After doing some very cursory research on the tax rates in Malaysia (helped out by a fact sheet (PDF) from Deloitte), the reason for this peculiar tax treatment of a joint venture is based on the difference in tax rates between income (the corporate tax rate is 25% and the highest personal tax rate is 26%) and tax rate on interest income, which appears to be 15%.
Clearly, the tax treatment was designed to provide tax neturality for Islamic finance, compared to conventional finance. Taking a step back from the example of Malaysia, one of the underlying ideas for Islamic finance from a theoretical perspective (mostly articulated by Islamic economists) is that Islamic finance benefits society as a whole by shifting the burden of risk onto those with more wealth. Instead of lending with interest, they are supposed to be bearing a higher degree of risk in line with the rewards they expect to earn. This will, other factors being equal, result in a lower level of income and wealth inequality (zakat will also provide for lowering wealth inequality).
From the theoretical view, Islamic finance should differentiate itself from conventional finance by focusing on a macro level at lowering income and wealth inequality, and on the micro level at generating income from Shari'ah-compliant sources. However, subsidizing Islamic finance by providing preferential tax breaks to products which effectively shoehorn Shari'ah-compliant products into structures that are equivalent in economic effect to interest-based lending will provide incentive for Islamic finance to move more towards replication of interest-based products.

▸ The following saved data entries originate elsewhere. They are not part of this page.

(* Let $Z$ be a separable real Banach space and $f:Z\to\mathbb{R}$ a continuous convex function. Then there exists a unique closed linear subspace $Y_f$ of $Z$ such that, for the quotient space $X_f:=Z/Y_f$ and the natural projection $\pi:Z\to X_f$, the function $f$ can be written as $$f(z)=c(\pi(z))+\ell(z)\quad\text{for all } z\in Z,$$ where $\ell\in Z^*$ and $c:X_f\to\mathbb{R}$ is a convex function which is essentially directionally coercive. Moreover, $$Y_f=\{v\in Z: f(z_0+tv)-f(z_0)-\langle \xi_0,tv\rangle=0 \text{ for all } t\in\mathbb{R}\},$$ where $z_0$ is any point of $Z$ and $\xi_0$ is any element of $\partial f(z_0)$.
   Context: For a continuous convex $f$ on a Banach space $Z$, $\partial f(x)=\{\xi\in Z^*: f(y)\ge f(x)+\langle\xi,y-x\rangle \text{ for all } y\in Z\}$. A function $g$ on a Banach space $X$ is directionally coercive if $\lim_{t\to\infty}g(x+tv)=\infty$ for all $x\in X$, $v\in X\setminus\{0\}$; it is essentially directionally coercive if there is $\ell\in X^*$ with $g-\ell$ directionally coercive. $Z/Y_f$ carries the quotient norm. *)

From Stdlib Require Import Reals Lra.
Open Scope R_scope.

Record Banach := {
  car :> Type;
  vzero : car;
  vadd : car -> car -> car;
  vopp : car -> car;
  vscal : R -> car -> car;
  vnorm : car -> R;
  vadd_assoc : forall x y z, vadd x (vadd y z) = vadd (vadd x y) z;
  vadd_comm : forall x y, vadd x y = vadd y x;
  vadd_0 : forall x, vadd x vzero = x;
  vadd_opp : forall x, vadd x (vopp x) = vzero;
  vscal_1 : forall x, vscal 1 x = x;
  vscal_assoc : forall a b x, vscal a (vscal b x) = vscal (a * b) x;
  vscal_distr_v : forall a x y, vscal a (vadd x y) = vadd (vscal a x) (vscal a y);
  vscal_distr_s : forall a b x, vscal (a + b) x = vadd (vscal a x) (vscal b x);
  vnorm_eq0 : forall x, vnorm x = 0 -> x = vzero;
  vnorm_scal : forall a x, vnorm (vscal a x) = Rabs a * vnorm x;
  vnorm_tri : forall x y, vnorm (vadd x y) <= vnorm x + vnorm y;
  vcomplete : forall u : nat -> car,
    (forall eps, eps > 0 -> exists N, forall m n, (m >= N)%nat -> (n >= N)%nat ->
        vnorm (vadd (u m) (vopp (u n))) < eps) ->
    exists l, forall eps, eps > 0 -> exists N, forall n, (n >= N)%nat ->
        vnorm (vadd (u n) (vopp l)) < eps
}.

Arguments vzero {_}.
Arguments vadd {_}.
Arguments vopp {_}.
Arguments vscal {_}.
Arguments vnorm {_}.

Definition vsub {Z : Banach} (x y : Z) : Z := vadd x (vopp y).

Definition separable (Z : Banach) : Prop :=
  exists d : nat -> Z, forall z eps, eps > 0 -> exists n, vnorm (vsub z (d n)) < eps.

Definition continuous_fun {Z : Banach} (f : Z -> R) : Prop :=
  forall x eps, eps > 0 -> exists delta, delta > 0 /\
    forall y, vnorm (vsub y x) < delta -> Rabs (f y - f x) < eps.

Definition convex_fun {Z : Banach} (f : Z -> R) : Prop :=
  forall x y a, 0 <= a <= 1 ->
    f (vadd (vscal a x) (vscal (1 - a) y)) <= a * f x + (1 - a) * f y.

Definition linear_fun {Z : Banach} (l : Z -> R) : Prop :=
  (forall x y, l (vadd x y) = l x + l y) /\ (forall a x, l (vscal a x) = a * l x).

Definition in_dual {Z : Banach} (l : Z -> R) : Prop :=
  linear_fun l /\ exists C, forall x, Rabs (l x) <= C * vnorm x.

Definition subdiff {Z : Banach} (f : Z -> R) (x : Z) (xi : Z -> R) : Prop :=
  in_dual xi /\ forall y, f y >= f x + xi (vsub y x).

Definition closed_subspace {Z : Banach} (Y : Z -> Prop) : Prop :=
  Y vzero /\ (forall x y, Y x -> Y y -> Y (vadd x y)) /\
  (forall a x, Y x -> Y (vscal a x)) /\
  (forall (u : nat -> Z) z, (forall n, Y (u n)) ->
     (forall eps, eps > 0 -> exists N, forall n, (n >= N)%nat -> vnorm (vsub (u n) z) < eps) ->
     Y z).

(* The quotient X = Z/Y is modelled by Z with the equivalence
   z ~ z' iff z - z' in Y.  A function on X is a function on Z constant on
   cosets; 0 in X is the class Y. *)
Definition coset_invariant {Z : Banach} (Y : Z -> Prop) (c : Z -> R) : Prop :=
  forall z y, Y y -> c (vadd z y) = c z.

(* An element of (Z/Y)^*: linear on Z/Y (i.e. linear on Z and vanishing on Y)
   and bounded w.r.t. the quotient norm ||[z]|| = inf_{y in Y} ||z + y||. *)
Definition in_quot_dual {Z : Banach} (Y : Z -> Prop) (l : Z -> R) : Prop :=
  linear_fun l /\ (forall y, Y y -> l y = 0) /\
  exists C, C >= 0 /\ forall z y, Y y -> Rabs (l z) <= C * vnorm (vadd z y).

(* Directional coercivity on the quotient Z/Y of g (given as a coset-invariant
   function on Z): for every x and every nonzero v in Z/Y,
   lim_{t -> +oo} g(x + t v) = +oo. *)
Definition quot_dir_coercive {Z : Banach} (Y : Z -> Prop) (g : Z -> R) : Prop :=
  forall x v, ~ Y v -> forall M, exists T, forall t, t > T ->
    g (vadd x (vscal t v)) > M.

Definition quot_ess_dir_coercive {Z : Banach} (Y : Z -> Prop) (c : Z -> R) : Prop :=
  exists l, in_quot_dual Y l /\ quot_dir_coercive Y (fun z => c z - l z).

Definition decomposes {Z : Banach} (f : Z -> R) (Y : Z -> Prop) : Prop :=
  closed_subspace Y /\
  exists (l : Z -> R) (c : Z -> R),
    in_dual l /\ coset_invariant Y c /\ convex_fun c /\
    quot_ess_dir_coercive Y c /\
    (forall z, f z = c z + l z).
(* Let $\Gamma$ be a signed graph on $n$ vertices and let $x=(x_1,\dots,x_n)^{\top}$ be a unit eigenvector of the adjacency matrix $A(\Gamma)$ corresponding to its largest eigenvalue $\lambda_1(\Gamma)$. Let $k$ be an integer. If $\lambda_1(\Gamma) > n-k$, then $x$ has at most $k-2$ zero components.
   Context: A signed graph $\Gamma=(G,\sigma)$ is a simple graph $G$ with a sign function $\sigma:E(G)\to\{-1,+1\}$. Its adjacency matrix $A(\Gamma)=(a_{ij})$ has $a_{ij}=\sigma(v_iv_j)$ if $v_i\sim v_j$ and $a_{ij}=0$ otherwise; $\lambda_1(\Gamma)$ denotes the largest eigenvalue of $A(\Gamma)$. *)

From HB Require Import structures.
From mathcomp Require Import all_boot all_order all_algebra.
From mathcomp Require Import reals.
Set Implicit Arguments. Unset Strict Implicit. Unset Printing Implicit Defensive.
Import Order.TTheory GRing.Theory Num.Theory.
Local Open Scope ring_scope.

(* A signed graph on the vertex set 'I_n: a simple graph given by a symmetric
   irreflexive adjacency relation [e], together with a sign function on its
   edges, encoded as a symmetric map [neg] ([neg i j = true] means the edge
   ij has sign -1, otherwise +1; its values on non-edges are irrelevant). *)
Record signed_graph (n : nat) := SignedGraph {
  sg_adj : rel 'I_n;
  sg_neg : 'I_n -> 'I_n -> bool;
  sg_adj_sym : symmetric sg_adj;
  sg_adj_irr : irreflexive sg_adj;
  sg_neg_sym : forall i j, sg_neg i j = sg_neg j i
}.

Definition sg_adjmx (R : nzRingType) (n : nat) (G : signed_graph n) : 'M[R]_n :=
  \matrix_(i, j) (if sg_adj G i j then (if sg_neg G i j then -1 else 1) else 0).

Definition largest_eigenvalue (R : realType) (n : nat) (A : 'M[R]_n) (l : R) :=
  eigenvalue A l /\ forall m, eigenvalue A m -> m <= l.

(* Let i be a coordinate where |x_i| is maximal.  Row i of A x = l x gives
   |l| |x_i| <= sum over the other j in the support of x of |x_j|, because the
   entries of A have modulus at most 1 and its diagonal vanishes.  Hence
   |l| + 1 is at most the support size n - #zeros, and l > n - k forces
   #zeros < k - 1. *)
From HB Require Import structures.
From mathcomp Require Import all_boot all_order all_algebra.
From mathcomp Require Import reals.
From mathcomp Require Import zify.
Set Implicit Arguments. Unset Strict Implicit. Unset Printing Implicit Defensive.
Import Order.TTheory GRing.Theory Num.Theory.
Local Open Scope ring_scope.

Section SignedAdjacencyEntries.

Variables (R : numDomainType) (n : nat) (G : signed_graph n).

Lemma sg_adjmx_diag (i : 'I_n) : sg_adjmx R G i i = 0.
Proof. by rewrite mxE sg_adj_irr. Qed.

Lemma norm_sg_adjmx_le1 (i j : 'I_n) : `|sg_adjmx R G i j| <= 1.
Proof.
rewrite mxE; case: (sg_adj G i j); case: (sg_neg G i j);
  by rewrite ?normrN ?normr1 ?normr0.
Qed.

End SignedAdjacencyEntries.

Lemma exists_max_norm_entry (R : realDomainType) (n : nat) (x : 'cV[R]_n) :
  x != 0 -> exists2 i, x i 0 != 0 & forall j, `|x j 0| <= `|x i 0|.
Proof.
move=> x_neq0; have [i0 xi0_neq0] : exists i0, x i0 0 != 0.
  apply/existsP; apply: contraNT x_neq0 => /existsPn x0.
  by apply/eqP/matrixP => i j; rewrite ord1 mxE; apply/eqP/negPn/x0.
case: (@arg_maxP _ R _ i0 xpredT (fun i => `|x i 0|)) => // i _ max_i.
exists i => [|j]; last exact: max_i.
by rewrite -normr_gt0 (lt_le_trans _ (max_i i0 isT)) ?normr_gt0.
Qed.

Section EigenvalueSupportBound.

Variables (R : realDomainType) (n : nat) (A : 'M[R]_n).
Hypothesis A_diag : forall i, A i i = 0.
Hypothesis A_norm_le1 : forall i j, `|A i j| <= 1.

Lemma norm_eigenvalue_add1_le_support (x : 'cV[R]_n) (l : R) :
  A *m x = l *: x -> x != 0 -> `|l| + 1 <= #|[set i | x i 0 != 0]|%:R.
Proof.
move=> Ax x_neq0; have [i xi_neq0 max_i] := exists_max_norm_entry x_neq0.
set S := [set i | x i 0 != 0].
have i_in_S : i \in S by rewrite inE.
have row_i : l * x i 0 = \sum_j A i j * x j 0.
  by have := congr1 (fun y : 'cV[R]_n => y i 0) Ax; rewrite !mxE => <-.
have bound_i : `|l| * `|x i 0| <= #|S :\ i|%:R * `|x i 0|.
  rewrite -normrM row_i mulr_natl -sumr_const (le_trans (ler_norm_sum _ _ _)) //.
  rewrite [X in _ <= X]big_mkcond /=; apply: ler_sum => j _; rewrite !inE.
  have [->|_] /= := eqVneq j i; first by rewrite A_diag mul0r normr0.
  have [->|_] /= := eqVneq (x j 0) 0; first by rewrite mulr0 normr0.
  by rewrite normrM (le_trans _ (max_i j)) // ler_piMl.
rewrite (cardsD1 i S) i_in_S add1n -addn1 natrD lerD2r.
by rewrite ler_pM2r ?normr_gt0 in bound_i.
Qed.

End EigenvalueSupportBound.

Theorem lemma3p3 (R : realType) (n : nat) (G : signed_graph n)
    (lam1 : R) (x : 'cV[R]_n) (k : int) :
  largest_eigenvalue (sg_adjmx R G) lam1 ->
  sg_adjmx R G *m x = lam1 *: x ->
  \sum_(i < n) x i 0 ^+ 2 = 1 ->
  lam1 > n%:R - k%:~R ->
  (#|[set i : 'I_n | x i 0 == 0]|%:Z <= k - 2)%R.
Proof.
move=> _ Ax norm_x lam1_gt.
have x_neq0 : x != 0.
  apply: contra_eq_neq norm_x => ->.
  by rewrite big1 1?eq_sym ?oner_eq0 // => i _; rewrite mxE expr0n.
have := norm_eigenvalue_add1_le_support
  (sg_adjmx_diag R G) (norm_sg_adjmx_le1 R G) Ax x_neq0.
set Z := [set i | x i 0 == 0]; set S := [set i | x i 0 != 0].
have card_ZS : (#|Z| + #|S| = n)%N.
  have -> : S = ~: Z by apply/setP => i; rewrite !inE.
  by rewrite cardsC card_ord.
move=> bound; have : (n%:Z - k + 1)%:~R < #|S|%:Z%:~R :> R.
  rewrite rmorphD rmorphB /= -!pmulrn (lt_le_trans _ bound) // ltrD2r.
  exact: lt_le_trans lam1_gt (ler_norm _).
rewrite ltr_int; lia.
Qed.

One of the ideas with the current structure of Islamic finance is that it uses replication of conventional products as a stepping-stone to facilitate the growth of Islamic finance. For example, the regulatory treatment of Islamic finance makes it much easier for banks in particular to use murabaha and ijara, rather than mudaraba and musharaka. Allowing these products to achieve tax neutrality with conventional loans is important for facilitating the competitiveness of Islamic financial institutions with conventional institutions.
From a macro perspective, however, it should be important for Islamic financial institutions to recognize that where interest income is treated in a preferential way compared to regular income (e.g. partnership income or wage income), the incentives will tilt the balance towards debt financing and away from equity finance. It will also tend to provide lower tax rates at the top of the income spectrum and higher tax rates at the bottom, which will increase inequality.
At the same time as Islamic bankers lobby for tax neutrality between interest income and the profits generated from Shari'ah-compliant debt alternatives, they should also push for equal treatment between debt and equity, which will diminish the subsidy of debt finance. They should also support tax equality across income sources, as a way of mitigating increases in inequality that preferential treatment of interest income can cause.